Examples of ethical problems in the exhibition:

  • Students are evaluated in terms of knowledge and effort by their schools. Now it is also possible to measure attitudes and feelings with face recognition technology. Do we want this?
  • Surveillance cameras can detect and warn about suspicious behavior. But who defines what is “suspicious?”
  • Technology developed with white men as training subjects can lead to discrimination based on gender and race. What can this lead to?

Arworks on display in the exhibition:

You are welcome to visit this instructive, challenging and eye-opening exhibition. As an audience, you are guaranteed to experience some aha! moments, for better or worse.

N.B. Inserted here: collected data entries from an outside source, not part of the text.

Lemma is_limC_div_RtoC (f : R -> C) (g : R -> R) (z : C) (a : R) :
  is_limC f z -> lim_infty g a -> a <> 0 ->
  is_limC (fun t => f t / RtoC (g t))%C (z / RtoC a)%C.
Proof.
intros [Hre Him] Hg Ha. rewrite Cdiv_RtoC by assumption.
assert (Hne := lim_infty_near_neq g a 0 Hg Ha).
split.
- apply (lim_infty_ext_near (fun t => Re (f t) / g t)); [|now apply lim_infty_div].
  apply (filter_imp (fun t => g t <> 0)); [|exact Hne]. intros t Ht. now rewrite Cdiv_RtoC.
- apply (lim_infty_ext_near (fun t => Im (f t) / g t)); [|now apply lim_infty_div].
  apply (filter_imp (fun t => g t <> 0)); [|exact Hne]. intros t Ht. now rewrite Cdiv_RtoC.
Qed.

Lemma discr_of_limits_iff (f g : R -> C) (h : R -> R) (al k a : R) :
  is_limC f (RtoC al) -> is_limC g (RtoC k) -> lim_infty h a -> a <> 0 ->
  ((exists r k' : C,
      is_limC (fun t => f t / RtoC (h t))%C r /\ is_limC (fun t => g t / RtoC (h t))%C k' /\
      Im (r * r - RtoC 4 * k')%C = 0 /\ 0 <= Re (r * r - RtoC 4 * k')%C)
   <-> 0 <= al * al - 4 * k * a).
Proof.
intros Hf Hg Hh Ha.
pose proof (is_limC_div_RtoC f h _ a Hf Hh Ha) as Hr.
pose proof (is_limC_div_RtoC g h _ a Hg Hh Ha) as Hk.
rewrite Cdiv_RtoC in Hr, Hk by assumption.
assert (Hscale : al * al - 4 * k * a = (a * a) * ((al / a) * (al / a) - 4 * (k / a))) by (field; assumption).
rewrite Hscale, Rmult_nonneg_iff_l by (apply Rsqr_pos_lt; assumption).
split.
- intros (r & k' & Hr' & Hk' & _ & Hre).
  rewrite (is_limC_unique _ _ _ Hr' Hr), (is_limC_unique _ _ _ Hk' Hk) in Hre.
  simpl in Hre. unfold Rdiv in Hre. lra.
- intros H. exists (Re (RtoC al) / a, Im (RtoC al) / a), (Re (RtoC k) / a, Im (RtoC k) / a).
  do 2 (split; [assumption|]). simpl. unfold Rdiv in *. split; lra.
Qed.
(* Let $d\ge1$, $r\ge1$, $n\ge d+2$, and let $K$ be a set of $d$-simplices of $K_n^d$ such that every $d$-hypercut $H$ satisfies $|\mathrm{Supp}(H)\cap K|\ge r$. Then the facet graph $G_d(K)$ is $(d+r-1)$-connected.
   Context: Fix a field $\mathbb F$. A $d$-simplex is a $(d+1)$-element subset of $[n]$ oriented by increasing order; $K_n^d$ is the complex of all subsets of $[n]$ of size at most $d+1$. For a simplex $\rho$ and $\tau=\rho\setminus\{p\}$ with $p$ the $i$-th smallest element of $\rho$, $\mathrm{sign}(\rho,\tau)=(-1)^{i-1}$. A $d$-cochain is a formal $\mathbb F$-combination of $d$-simplices; the coboundary is $\delta\tau=\sum_{p\in[n]\setminus\tau}\mathrm{sign}(\tau\cup\{p\},\tau)(\tau\cup\{p\})$, extended linearly. A $d$-cocycle is a $d$-cochain $Z$ with $\delta Z=0$; a $d$-hypercut is a nonzero $d$-cocycle $H$ such that every $d$-cocycle supported in $\mathrm{Supp}(H)$ is a scalar multiple of $H$. The facet graph $G_d(K)$ has vertex set $K$, two $d$-simplices adjacent iff they share a $(d-1)$-face. A graph is $k$-connected if deleting any set of fewer than $k$ of its vertices leaves a nonempty connected graph. *)

From HB Require Import structures.
From mathcomp Require Import all_boot all_order all_algebra.
Set Implicit Arguments. Unset Strict Implicit. Unset Printing Implicit Defensive.
Import GRing.Theory.
Local Open Scope ring_scope.

(* Vertices of K_n^d are 'I_n (i.e. [n] = {0,...,n-1}); a simplex is a finite
   set of vertices, oriented by increasing order. *)

Definition is_cochain (F : fieldType) (n d : nat) (f : {ffun {set 'I_n} -> F}) :=
  forall s : {set 'I_n}, #|s| != d.+1 -> f s = 0.

Definition Supp (F : fieldType) (n : nat) (f : {ffun {set 'I_n} -> F})
  : {set {set 'I_n}} := [set s | f s != 0].

(* sign(rho, rho \ {p}) = (-1)^(i-1), p the i-th smallest element of rho:
   i-1 is the number of elements of rho smaller than p. *)
Definition simplex_sign (F : fieldType) (n : nat) (rho : {set 'I_n}) (p : 'I_n) : F :=
  (-1) ^+ #|[set q in rho | (q < p)%N]|.

(* coefficient of the (d+1)-simplex rho in delta f, where
   delta tau = sum_{p notin tau} sign(tau u {p}, tau) (tau u {p}). *)
Definition coboundary_at (F : fieldType) (n : nat) (f : {ffun {set 'I_n} -> F})
  (rho : {set 'I_n}) : F :=
  \sum_(p in rho) simplex_sign F rho p * f (rho :\ p).

Definition is_cocycle (F : fieldType) (n d : nat) (f : {ffun {set 'I_n} -> F}) :=
  is_cochain d f /\
  forall rho : {set 'I_n}, #|rho| = d.+2 -> coboundary_at f rho = 0.

Definition is_hypercut (F : fieldType) (n d : nat) (H : {ffun {set 'I_n} -> F}) :=
  is_cocycle d H /\ (exists s, H s != 0) /\
  forall Z : {ffun {set 'I_n} -> F}, is_cocycle d Z ->
    Supp Z \subset Supp H -> exists c : F, forall s, Z s = c * H s.

Definition facet_adj (n d : nat) (s t : {set 'I_n}) : bool :=
  (s != t) && [exists f : {set 'I_n}, [&& #|f| == d, f \subset s & f \subset t]].

Definition induced_rel (T : finType) (e : rel T) (V : {set T}) : rel T :=
  [rel x y | [&& x \in V, y \in V & e x y]].

Definition connected_graph (T : finType) (e : rel T) (V : {set T}) : Prop :=
  V != set0 /\ forall x y, x \in V -> y \in V -> connect (induced_rel e V) x y.

Definition k_connected (T : finType) (e : rel T) (V : {set T}) (k : nat) : Prop :=
  forall S : {set T}, S \subset V -> (#|S| < k)%N -> connected_graph e (V :\: S).
Lemma large_set_basis k : (2 ^ n <= #|V| * 2 ^ k)%N ->
  exists M : 'M['F_2]_n, M \in unitmx /\
    forall x : 'I_n, (k <= x)%N -> M *m delta_mx x 0 \in V.
Proof.
move=> cardV; have rank_ge : (n - \rank (rows_of V) <= k)%N.
  rewrite leq_subLR -(@leq_exp2l 2) // expnD.
  by apply: leq_trans cardV _; rewrite leq_mul2r card_le_rank orbT.
have [P [Pu HP]] := complete_row_base (rows_of V).
exists P^T; split; first by rewrite unitmx_tr.
move=> x hx; rewrite -colE -tr_row; apply/rowspace_rows_of/HP.
exact: leq_trans rank_ge hx.
Qed.

End AdditiveSet.
End Subspaces.

Section Invariance.
Variable n : nat.
Implicit Types (f g h : boolfun n) (v w x : vec n).

Lemma dder_affine f (M : 'M['F_2]_n) w v x :
  dder v (fun y => f (M *m y + w)) x = dder (M *m v) f (M *m x + w).
Proof. by rewrite /dder mulmxDr addrAC. Qed.

Lemma lowdirs_ext m g h : (forall x, g x = h x) -> lowdirs m g = lowdirs m h.
Proof.
by move=> E; apply/setP => v; apply/lowdirsP/lowdirsP; apply: deg_lt_ext => x;
  rewrite /dder !E.
Qed.

Lemma lowdirs_congr m g h : deg_lt m.+1 (fun x => g x + h x) ->
  lowdirs m.+1 g \subset lowdirs m.+1 h.
Proof.
move=> /deg_ltS gh; apply/subsetP => v /lowdirsP Hv; apply/lowdirsP.
apply: (@deg_lt_ext _ _ (fun x => dder v (fun y => g y + h y) x + dder v g x)).
  by move=> x; rewrite /dder F2_add_cancel.
exact: deg_ltD.
Qed.

(* M maps V(f o (M . + w)) injectively into V(f) *)
Lemma card_lowdirs_affine m f (M : 'M['F_2]_n) w : M \in unitmx ->
  (#|lowdirs m (fun x => f (M *m x + w)%R)| <= #|lowdirs m f|)%N.
Proof.
move=> Mu; rewrite -(card_imset _ (can_inj (mulKmx Mu))).
apply/subset_leq_card/subsetP => _ /imsetP [v /lowdirsP Hv ->]; apply/lowdirsP.
apply: (deg_lt_affine_inv (w := w) Mu); apply: deg_lt_ext Hv => x.
by rewrite dder_affine.
Qed.

End Invariance.

Section EqualityCase.
Variables (n k' : nat).
Hypothesis kn : (k'.+1 <= n)%N.
Local Notation k := k'.+1.
Implicit Types (f g h : boolfun n) (x : vec n) (S : {set 'I_n}).

Definition lead_vars : {set 'I_n} := [set i : 'I_n | (i < k)%N].

Lemma monomE x : monom k x = monomial lead_vars x.
Proof. by apply: eq_bigl => i; rewrite inE. Qed.

Lemma card_lead_vars : #|lead_vars| = k.
Proof.
have -> : lead_vars = widen_ord kn @: [set: 'I_k].
  apply/setP => i; rewrite inE; apply/idP/imsetP => [hi|[j _ ->]]; last exact: (ltn_ord j).
  by exists (Ordinal hi) => //; apply/val_inj.
rewrite card_imset ?cardsT ?card_ord //.
by move=> a b /(congr1 val) /= E; apply/val_inj.
Qed.

Definition tail_vecs : {set vec n} :=
  [set x : vec n | [forall i : 'I_n, (i < k)%N ==> (x i 0 == 0)]].

Lemma card_tail_vecs : (2 ^ (n - k) <= #|tail_vecs|)%N.
Proof.
have nE : (k + (n - k) = n)%N by rewrite subnKC.
pose ext (y : 'cV['F_2]_(n - k)) : vec n := castmx (nE, erefl 1%N) (col_mx 0 y).
have ext_inj : injective ext.
  move=> y1 y2 /matrixP E; apply/matrixP => i j.
  by have := E (cast_ord nE (rshift k i)) j; rewrite !castmxE cast_ordK !cast_ord_id !col_mxEd.
have card_img : #|ext @: [set: 'cV_(n - k)]| = (2 ^ (n - k))%N.
  by rewrite card_imset // cardsT card_mx card_Fp // muln1.
rewrite -card_img subset_leq_card //.
apply/subsetP => _ /imsetP [y _ ->]; rewrite inE; apply/forallP => i.
apply/implyP => ik; rewrite castmxE cast_ord_id.
have -> : cast_ord (esym nE) i = lshift (n - k) (Ordinal ik) by apply/val_inj.
by rewrite col_mxEu mxE.
Qed.

Lemma tail_vecs_lowdirs : tail_vecs \subset lowdirs k (monom k).
Proof.
apply/subsetP => v; rewrite inE => /forallP vtail; apply/lowdirsP.
apply: (@deg_lt_ext _ _ (fun _ => 0)); last exact: deg_lt0f.
move=> x; rewrite /dder.
have -> : monom k (x + v) = monom k x.
  apply: eq_bigr => i ik; rewrite mxE.
  by move/implyP: (vtail i) => /(_ ik) /eqP ->; rewrite addr0.
by rewrite F2_addxx.
Qed.

Lemma card_lowdirs_affeq f : (#|lowdirs k f| * 2 ^ k <= 2 ^ n)%N ->
  affeq_mod k' f (monom k) -> (#|lowdirs k f| * 2 ^ k = 2 ^ n)%N.
Proof.
move=> cardV [h [[M [w [Mu hE]]] /deg_leP mh]].
have nE : (2 ^ n = 2 ^ (n - k) * 2 ^ k)%N by rewrite -expnD subnK.
apply/eqP; rewrite eqn_leq cardV nE leq_mul2r expn_eq0 /=.
apply: leq_trans card_tail_vecs _; apply: leq_trans (subset_leq_card tail_vecs_lowdirs) _.
apply: leq_trans (subset_leq_card (lowdirs_congr mh)) _.
by rewrite (lowdirs_ext _ hE) card_lowdirs_affine.
Qed.

Lemma top_coef_lead h : deg_lt k.+1 h ->
  (forall S, #|S| = k -> S != lead_vars -> coef h S = 0) ->
  forall S, (k' < #|S|)%N -> coef h S = (S == lead_vars)%:R * coef h lead_vars.
Proof.
move=> h1 hS S; rewrite leq_eqVlt => /orP [/eqP cS|cS].
  case: (eqVneq S lead_vars) => [->|SK]; first by rewrite mul1r.
  by rewrite mul0r hS.
have SK : S != lead_vars by apply: contraTneq cS => ->; rewrite card_lead_vars ltnn.
by rewrite (negbTE SK) mul0r (coef_deg_lt h1).
Qed.

Lemma deg_le_add_lead h : deg_exact k h ->
  (forall S, #|S| = k -> S != lead_vars -> coef h S = 0) ->
  deg_le (fun x => monom k x + h x) k'.
Proof.
move=> [h1 h0] hS; have top := top_coef_lead h1 hS.
have lead1 : coef h lead_vars = 1.
  apply/F2_neq0/eqP => lead0; apply/h0/deg_leP/deg_le_coef => S /top ->.
  by rewrite lead0 mulr0.
apply: deg_le_coef => S /top hSE.
rewrite coefD (coef_ext S monomE) coef_monomial hSE lead1 mulr1 eq_sym.
by case: (S == lead_vars); rewrite ?F2_addxx ?addr0.
Qed.

(* |V(f)| = 2^(n-k) gives f ~_(k-1) x_1 ... x_k: after a change of variables
   sending e_k, ..., e_(n-1) into V(f), every variable x_j with j >= k lowers
   the degree, so only the coefficient of x_1 ... x_k survives in degree k. *)
Lemma affeq_card_lowdirs f : deg_exact k f ->
  (#|lowdirs k f| * 2 ^ k = 2 ^ n)%N -> affeq_mod k' f (monom k).
Proof.
move=> [f1 f0] cardE.
have [M [Mu HM]] := large_set_basis (lowdirs0 k f) (@lowdirsD _ k f) (eq_leq (esym cardE)).
pose h x := f (M *m x + 0).
have hex : deg_exact k h.
  split; first exact: deg_lt_affine.
  by move=> /(deg_lt_affine_inv Mu).
have low_dirs (j : 'I_n) : (k <= j)%N -> deg_lt k' (dder (delta_mx j 0) h).
  move=> /HM /lowdirsP /(deg_lt_affine M 0); apply: deg_lt_ext => x.
  by rewrite dder_affine.
exists h; split; first by exists M, 0.
apply: deg_le_add_lead => // S cS SK.
have /subsetPn [j jS] : ~~ (S \subset lead_vars).
  by apply: contra SK => sub; rewrite eqEcard sub card_lead_vars cS /=.
by rewrite inE -leqNgt => /low_dirs; apply: coef_dder_deg_lt.
Qed.

End EqualityCase.

Theorem theorem2 (n k : nat) (f : 'cV['F_2]_n -> 'F_2) :
  (1 <= k)%N -> (k <= n)%N -> deg_eq f k ->
  [/\ \prod_(i < k) (1 - 1 / (2 ^ i.+1)%:R) <= dt k f,
      dt k f <= 1 / 2 * (1 - 1 / (2 ^ n)%:R) ^+ k.-1
    & dt k f = \prod_(i < k) (1 - 1 / (2 ^ i.+1)%:R :> rat)
        <-> affeq_mod k.-1 f (@monom n k)].
Proof.
case: k => [|k] // _ kn [/deg_leP f_le f_gt].
have fex : deg_exact k.+1 f by split => // /deg_leP.
have [lower eq_case] := dt_lower fex.
split => //; first exact: dt_upper.
rewrite eq_case; split; first exact: affeq_card_lowdirs.
exact: card_lowdirs_affeq (card_lowdirs_le fex).
Qed.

About the Machine Vision exhibition 

In 2019, the ERC project Machine Vision received funding from the Norwegian Research Council's FORSTERK program to support the societal impact of Horizon 2020-funded research projects in Norway. Thanks to this funding, and in collaboration with the University Museum of Bergen, the project developed an exhibition titled "Machine Vision" which will be open to the public from March 19th to August 28th, 2021.

The "Machine Vision" exhibition is designed as an experiential labyrinth challenging audiences with a series of ethical challenges. The main goal of this exhibition is to increase the public's knowledge of machine vision technologies (including, for example, face recognition, object detection and autonomous cars) and their societal implications. Visitors will be able to familiarize themselves with the basic concepts of machine vision, explore the research project's findings, and interact with thought-provoking artworks.

We are excited to share our work with the public, and hope that this exhibition will be a successful experiment in science communication combining academic research, contemporary art and critical thinking about new technologies. We hope that you will join us at the University Museum of Bergen - but in the meantime, you can start your visit by reading the exhibition's introduction, and take a look at the featured artworks:

Machines that see are all around us, and machine vision is central to technologies we use every day. From microcameras to satellites, vision machines help us scan barcodes, unlock our smartphones, tag our holiday pictures, get accurate diagnoses, and find our way in an unknown place. At the same time, the automation of vision challenges established structures and customs, enabling unprecedented possibilities for surveillance, policing, and control. The Machine Vision exhibition showcases the ERC-funded research project Machine Vision in Everyday Life, charting the impact of machine vision on three scales: the individual, the social, and the world. How do machines see us as individuals? Which changes do vision machines bring to society? And what kind of worlds are made possible by machine vision technologies?